Section EWA.
Variables (R : realType) (K : nat) (eta : R) (L : nat -> 'I_K -> R).
Hypothesis K_gt0 : (0 < K)%N.

Let i0 : 'I_K := Ordinal K_gt0.

Definition ewa_norm t := \sum_(j < K) expR (- eta * L t j) * ewa_pi eta L t j.

Lemma ewa_pi_gt0 t k : 0 < ewa_pi eta L t k.
Proof.
elim: t k => [|t IH] k /=; first by rewrite invr_gt0 ltr0n.
rewrite divr_gt0 ?mulr_gt0 ?expR_gt0 //.
by apply: (psumr_gt0 i0) => j; rewrite mulr_gt0 ?expR_gt0.
Qed.

Lemma ewa_norm_gt0 t : 0 < ewa_norm t.
Proof. by apply: (psumr_gt0 i0) => j; rewrite mulr_gt0 ?expR_gt0 ?ewa_pi_gt0. Qed.

Lemma ewa_pi_sum1 t : \sum_k ewa_pi eta L t k = 1.
Proof.
case: t => [|t] /=.
  by rewrite sumr_const card_ord -[_ *+ _]mulr_natr mulVf // pnatr_eq0 -lt0n.
by rewrite -mulr_suml mulfV // (gt_eqF (ewa_norm_gt0 t)).
Qed.

Lemma ewa_pi_le1 t k : ewa_pi eta L t k <= 1.
Proof.
rewrite -(ewa_pi_sum1 t) (bigD1 k) //= lerDl.
by apply: sumr_ge0 => j _; exact/ltW/ewa_pi_gt0.
Qed.

Lemma ln_ewa_pi n k : ln (ewa_pi eta L n k) =
  - ln K%:R - eta * \sum_(t < n) L t k - \sum_(t < n) ln (ewa_norm t).
Proof.
elim: n => [|n IH]; first by rewrite /= !big_ord0 lnV ?posrE ?ltr0n // mulr0 !subr0.
rewrite !big_ord_recr /= ln_div ?posrE ?mulr_gt0 ?expR_gt0 ?ewa_pi_gt0 ?ewa_norm_gt0 //.
by rewrite lnM ?posrE ?expR_gt0 ?ewa_pi_gt0 // expRK IH -/(ewa_norm n); ring.
Qed.

Lemma ewa_cumulative_loss_le (C : R) (T : nat) (k : 'I_K) : 0 < C -> 0 <= eta ->
  (forall t j, (t < T)%N -> 0 <= L t j <= C) ->
  eta * \sum_(t < T) \sum_j ewa_pi eta L t j * L t j <=
  ln K%:R + eta * \sum_(t < T) L t k + T%:R * (eta ^+ 2 * C ^+ 2 / 8).
Proof.
move=> C_gt0 eta_ge0 L_bnd.
have := ln_le0 (ewa_pi_le1 T k); rewrite ln_ewa_pi => ln_pi_le0.
have ln_norm_le : \sum_(t < T) ln (ewa_norm t) <=
    \sum_(t < T) (- eta * (\sum_j ewa_pi eta L t j * L t j) + eta ^+ 2 * C ^+ 2 / 8).
  apply: ler_sum => t _.
  have := @hoeffding_lemma R _ _ _ _ _ C_gt0 eta_ge0 (fun j => ltW (ewa_pi_gt0 t j))
    (ewa_pi_sum1 t) (fun j => L_bnd t j (ltn_ord t)).
  congr (ln _ <= _); apply: eq_bigr => j _.
  by rewrite mulrC mulNr.
rewrite big_split /= -mulr_sumr sumr_const card_ord -mulr_natl in ln_norm_le.
lra.
Qed.
(* For every $n\ge1$, the maps $\varphi\colon\mathscr C_n(A)\to\mathscr G_n^{\mathrm{ext}}(A)$ are well defined (i.e. $\varphi(c)$ has no directed cycle of uniform weight) and form a lax morphism of operads: for $c\in\mathscr C_n(A)$, $d\in\mathscr C_n(B)$ and $a\in A$ one has $\varphi(c\circ_a d)\le\varphi(c)\circ_a\varphi(d)$ in $\mathscr G_n^{\mathrm{ext}}(A[B/a])$, and $\varphi$ commutes with relabelling along bijections.
   Context: $\mathscr C_n(A)$ (little $n$-cubes) is the space of families $c=(c_a)_{a\in A}$ of maps $c_a\colon(0,1)^n\to(0,1)^n$, $c_a(x)=u(a)\odot x+v(a)$ with $u(a)\in\mathbb R_{>0}^n$ ($\odot$ = coordinatewise product), whose images are pairwise disjoint; symmetric groups permute the indices and $c\circ_a d$ is obtained by composing the embeddings $d_b$ with $c_a$, i.e. $(c\circ_a d)_{a'}=c_{a'}$ for $a'\neq a$ and $(c\circ_a d)_b=c_a\circ d_b$. Put $w(a)=u(a)+v(a)$. Say $c_a$ is $i$-below $c_b$ if $w(a)_i\le v(b)_i$, and $c_a,c_b$ are $i$-separated if one is $i$-below the other. $\varphi(c)$ is the complete directed graph on $A$ in which the edge between $a\neq b$ has weight the smallest $i$ such that $c_a,c_b$ are $i$-separated, directed $a\to b$ iff $c_a$ is $i$-below $c_b$. Weighted complete directed graphs on $A$: each two-element subset $\{a,b\}$ carries exactly one directed edge with weight in $\{1,\dots,n\}$; order $g\le h$ iff whenever $a\xrightarrow{v}b$ in $g$, either $a\xrightarrow{w}b$ in $h$ with $v\le w$ or $b\xrightarrow{w}a$ in $h$ with $v<w$. $\mathscr G_n^{\mathrm{ext}}(A)$ is the poset of such graphs with no directed cycle of uniform weight, with composition $g\circ_a h$ on $(A\setminus\{a\})\sqcup B$: edges among $A\setminus\{a\}$ as in $g$, among $B$ as in $h$, and between $a'\in A\setminus\{a\}$ and $b\in B$ as the edge between $a'$ and $a$ in $g$. *)

From HB Require Import structures.
From mathcomp Require Import all_boot all_order all_algebra.
From mathcomp Require Import reals.
Set Implicit Arguments. Unset Strict Implicit. Unset Printing Implicit Defensive.
Import Order.TTheory GRing.Theory Num.Theory.

Local Open Scope ring_scope.

(* A family c = (c_a)_{a in A} with c_a(x) = u(a) (.) x + v(a),
   coordinates indexed by 'I_n (coordinate i+1 of the paper is i : 'I_n). *)
Record cube_fam (R : realType) (n : nat) (A : Type) := CubeFam {
  cu : A -> 'I_n -> R ;
  cv : A -> 'I_n -> R }.

Definition in_unit_cube (R : realType) (n : nat) (x : 'I_n -> R) : Prop :=
  forall i, 0 < x i /\ x i < 1.

Definition cemb (R : realType) (n : nat) (A : Type) (c : cube_fam R n A) (a : A)
  (x : 'I_n -> R) : 'I_n -> R := fun i => cu c a i * x i + cv c a i.
Lemma lcomp_uniq l (x z : V) : Sprimes G R l -> aug_pow R n x ->
  Syl_rep l n z -> loc_null l (x - z) -> Qn_eqv ZZ n (lcomp x l) z.
Proof.
move=> Sl Ix Sz xz; have [Sx xx] := lcompP Sl Ix.
apply: Syl_rep_loc_null Sl (Syl_repB Sx Sz) _.
have -> : lcomp x l - z = (x - z) - (x - lcomp x l) by rewrite opprB [RHS]addrC addrA subrK.
exact: loc_nullB.
Qed.

Lemma lcomp_DS_mem (x : V) : aug_pow R n x -> DS_mem R n (lcomp x).
Proof. by move=> Ix l Sl; case: (lcompP Sl Ix). Qed.

Lemma lcomp_Qn_eqv (x y : V) : aug_pow R n x -> aug_pow R n y ->
  Qn_eqv R n x y <-> DS_eqv R n (lcomp x) (lcomp y).
Proof.
move=> Ix Iy; split=> [Ixy l Sl | xy_loc].
  have [Sy yy] := lcompP Sl Iy; apply: lcomp_uniq => //.
  by rewrite -(subrK y x) -addrA; apply: loc_nullD => //; apply: loc_null_Qn.
apply: aug_pow_local_global; first exact: aug_powB.
move=> l Sl; have [_ xx] := lcompP Sl Ix; have [_ yy] := lcompP Sl Iy.
have -> : x - y = (x - lcomp x l) + (lcomp x l - lcomp y l) - (y - lcomp y l).
  by rewrite addrA subrK opprB addrA subrK.
by apply: loc_nullB => //; apply: loc_nullD => //; apply: loc_null_ZZ; apply: xy_loc.
Qed.

Lemma lcompD (x y : V) : aug_pow R n x -> aug_pow R n y ->
  DS_eqv R n (lcomp (x + y)) (DS_add (lcomp x) (lcomp y)).
Proof.
move=> Ix Iy l Sl; have [Sx xx] := lcompP Sl Ix; have [Sy yy] := lcompP Sl Iy.
apply: lcomp_uniq => //; first exact: aug_powD.
  exact: Syl_repD.
by rewrite /DS_add opprD addrACA; apply: loc_nullD.
Qed.

Lemma lcomp_scale r (x : V) : r \in R -> aug_pow R n x ->
  DS_act R n r (lcomp x) (lcomp (gscale r x)).
Proof.
move=> Rr Ix l Sl; have /and3P[l_prime _ l_notinv] := Sl.
have [Sx xx] := lcompP Sl Ix.
have /andP[b_gt0 _] := invertible_denq Rr; set b := `|denq r|%N in b_gt0 *.
have bl : coprime b l by apply: invertible_coprime => //; apply: invertible_denq.
have [w Sw wx] := Syl_rep_divn b_gt0 bl Sx.
exists w; split => //; first by rewrite /Qn_eqv -[denq r]gtz0_abs ?denq_gt0 // -pmulrn.
apply: lcomp_uniq => //; [exact: aug_pow_scale | exact: Syl_repMz |].
apply: (loc_null_cancel bl).
rewrite mulrnBl gscale_denq pmulrn mulrzAC -pmulrn -mulrzBl.
have -> : x - w *+ b = (x - lcomp x l) - (w *+ b - lcomp x l) by rewrite opprB addrA subrK.
by rewrite mulrzBl; apply: loc_nullB; apply: loc_nullMz => //; apply: loc_null_ZZ.
Qed.

Lemma lcomp_surj (m : nat -> V) : DS_mem R n m ->
  exists2 x, aug_pow R n x & DS_eqv R n (lcomp x) m.
Proof.
move=> Sm; set x := \sum_(l <- primes N | Sprimes G R l) m l.
have Ix : aug_pow R n x.
  apply: (aug_pow_subset ZZ_subset); apply: aug_pow_sum => l Sl.
  by case: (Sm l Sl).
exists x => // l Sl; apply: lcomp_uniq => //; first exact: Sm.
have /and3P[l_prime lN _] := Sl.
have -> : x - m l = \sum_(l' <- primes N | Sprimes G R l' && (l' != l)) m l'.
  rewrite /x -big_filter (bigD1_seq l) /= ?filter_uniq ?primes_uniq //; last first.
    by rewrite mem_filter Sl mem_primes l_prime card_zmod_gt0.
  by rewrite addrC addrK big_filter_cond.
apply: (big_ind (loc_null l)); [exact/loc_null_Qn/aug_pow_0 | exact: loc_nullD |].
move=> l' /andP[Sl' l'l]; have /and3P[l'_prime _ _] := Sl'.
exact: loc_null_Syl_rep l_prime l'_prime l'l (Sm l' Sl').
Qed.

End Localization.
End GroupAlgebra.

Theorem proposition1p4 (G : finZmodType) (R : {pred rat}) (n : nat) :
  GRing.subring_closed R -> (1 <= n)%N -> Qn_iso_DS G R n.
Proof.
move=> subring_R n_gt0; exists (lcomp R n); split.
- exact: lcomp_DS_mem.
- exact: lcomp_Qn_eqv.
- exact: lcompD.
- exact: lcomp_scale.
- exact: lcomp_surj.
Qed.
Lemma trine_optimal N : (2 <= N)%N ->
  let s := sqrt_gram_diag (sqrtC (1 + 2 * overlap N)) (sqrtC (1 - overlap N)) in
  (exists P : 'I_3 -> 'M[algC]_(2 ^ N), POVM3 P /\ succ_prob P = s ^+ 2) /\
  (forall P : 'I_3 -> 'M[algC]_(2 ^ N), POVM3 P -> succ_prob P <= s ^+ 2).
Proof.
move=> N_ge2 s.
have [p_gt0 q_gt0] := small_overlap_eigen (overlap_real N) (overlap_small N_ge2).
rewrite -sqrtC_gt0 in p_gt0; rewrite -sqrtC_gt0 in q_gt0.
have gram_psi j k : inner (psi N j) (psi N k) = if j == k
    then gram_diag (sqrtC (1 + 2 * overlap N)) (sqrtC (1 - overlap N))
    else gram_off (sqrtC (1 + 2 * overlap N)) (sqrtC (1 - overlap N)).
  by rewrite psi_gram ?gram_diag_overlap ?gram_off_overlap // (leq_trans _ N_ge2).
split; last by move=> P; apply: success_le.
exists (srm (psi N) (sqrtC (1 + 2 * overlap N)) (sqrtC (1 - overlap N))).
by split; [apply: srm_POVM | apply: srm_success].
Qed.

Lemma Popt_formulaE N : (2 <= N)%N ->
  Popt_formula N =
  sqrt_gram_diag (sqrtC (1 + 2 * overlap N)) (sqrtC (1 - overlap N)) ^+ 2.
Proof.
move=> N_ge2.
have [p2_gt0 q2_gt0] := small_overlap_eigen (overlap_real N) (overlap_small N_ge2).
have alphaE : alphaN N = 1 / 3 * (1 + 2 * overlap N).
  by case: N N_ge2 {p2_gt0 q2_gt0} => // M _; rewrite /alphaN /overlap exprS /=; field.
have alphaCE : 1 - alphaN N = 2 / 3 * (1 - overlap N) by rewrite alphaE; field.
rewrite /Popt_formula alphaCE alphaE.
rewrite [sqrtC (2 / 3 * _)]sqrtCM ?nnegrE ?ltW ?divr_gt0 //.
rewrite [sqrtC (1 / 3 * _)]sqrtCM ?nnegrE ?ltW ?divr_gt0 //.
rewrite !mulrA -!expr2 !sqrtCK /sqrt_gram_diag.
by congr (_ ^+ 2); field.
Qed.

Lemma sqrt_gram_diag_near1 {c : algC} : c \is Num.real -> `|c| <= 1 / 4 ->
  `|sqrt_gram_diag (sqrtC (1 + 2 * c)) (sqrtC (1 - c)) ^+ 2 - 1| <= 2 * `|c|.
Proof.
move=> c_real c_small; have [p2_gt0 q2_gt0] := small_overlap_eigen c_real c_small.
set p := sqrtC (1 + 2 * c); set q := sqrtC (1 - c).
set x := (1 + 2 * c) * (1 - c).
have pq : p * q = sqrtC x by rewrite sqrtCM // nnegrE ltW.
have x_ge0 : 0 <= x by rewrite mulr_ge0 // ltW.
have s2E : sqrt_gram_diag p q ^+ 2 - 1 = (4 * (p * q - 1) - 2 * c) / 9.
  transitivity ((p ^+ 2 + 4 * (p * q) + 4 * q ^+ 2) / 9 - 1).
    by rewrite /sqrt_gram_diag; field.
  by rewrite !sqrtCK; field.
have sqrt_dist : `|sqrtC x - 1| <= `|x - 1|.
  have -> : x - 1 = (sqrtC x - 1) * (sqrtC x + 1) by rewrite -{1}(sqrtCK x); ring.
  rewrite normrM ler_peMr ?normr_ge0 // ger0_norm ?addr_ge0 ?sqrtC_ge0 //.
  by rewrite lerDr sqrtC_ge0.
have x_dist : `|x - 1| <= 3 / 2 * `|c|.
  have -> : x - 1 = c * (1 - 2 * c) by rewrite /x; ring.
  rewrite normrM mulrC ler_wpM2r ?normr_ge0 //.
  apply: le_trans (ler_normB _ _) _; rewrite normr1 normrM normr_nat.
  have -> : (3 / 2 : algC) = 1 + 2 * (1 / 4) by field.
  by rewrite lerD2l ler_pM2l ?ltr0n.
rewrite s2E normrM normfV normr_nat ler_pdivrMr ?ltr0n //.
apply: le_trans (ler_normB _ _) _; rewrite !normrM !normr_nat pq.
apply: le_trans (_ : 4 * (3 / 2 * `|c|) + 2 * `|c| <= _).
  by rewrite lerD2r ler_pM2l ?ltr0n // (le_trans sqrt_dist x_dist).
have -> : 4 * (3 / 2 * `|c|) + 2 * `|c| = 8 * `|c| by field.
by rewrite mulrAC ler_wpM2r ?normr_ge0 // -natrM ler_nat.
Qed.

Action item → All lines from the beginning of the material above through the one with "rewrite divr_gt0 ?mulr_gt0 ?expR_gt0 //." need to be returned exactly; please return those and only those.

The answer →
Section EWA.
Variables (R : realType) (K : nat) (eta : R) (L : nat -> 'I_K -> R).
Hypothesis K_gt0 : (0 < K)%N.

Let i0 : 'I_K := Ordinal K_gt0.

Definition ewa_norm t := \sum_(j < K) expR (- eta * L t j) * ewa_pi eta L t j.

Lemma ewa_pi_gt0 t k : 0 < ewa_pi eta L t k.
Proof.
elim: t k => [|t IH] k /=; first by rewrite invr_gt0 ltr0n.
rewrite divr_gt0 ?mulr_gt0 ?expR_gt0 //.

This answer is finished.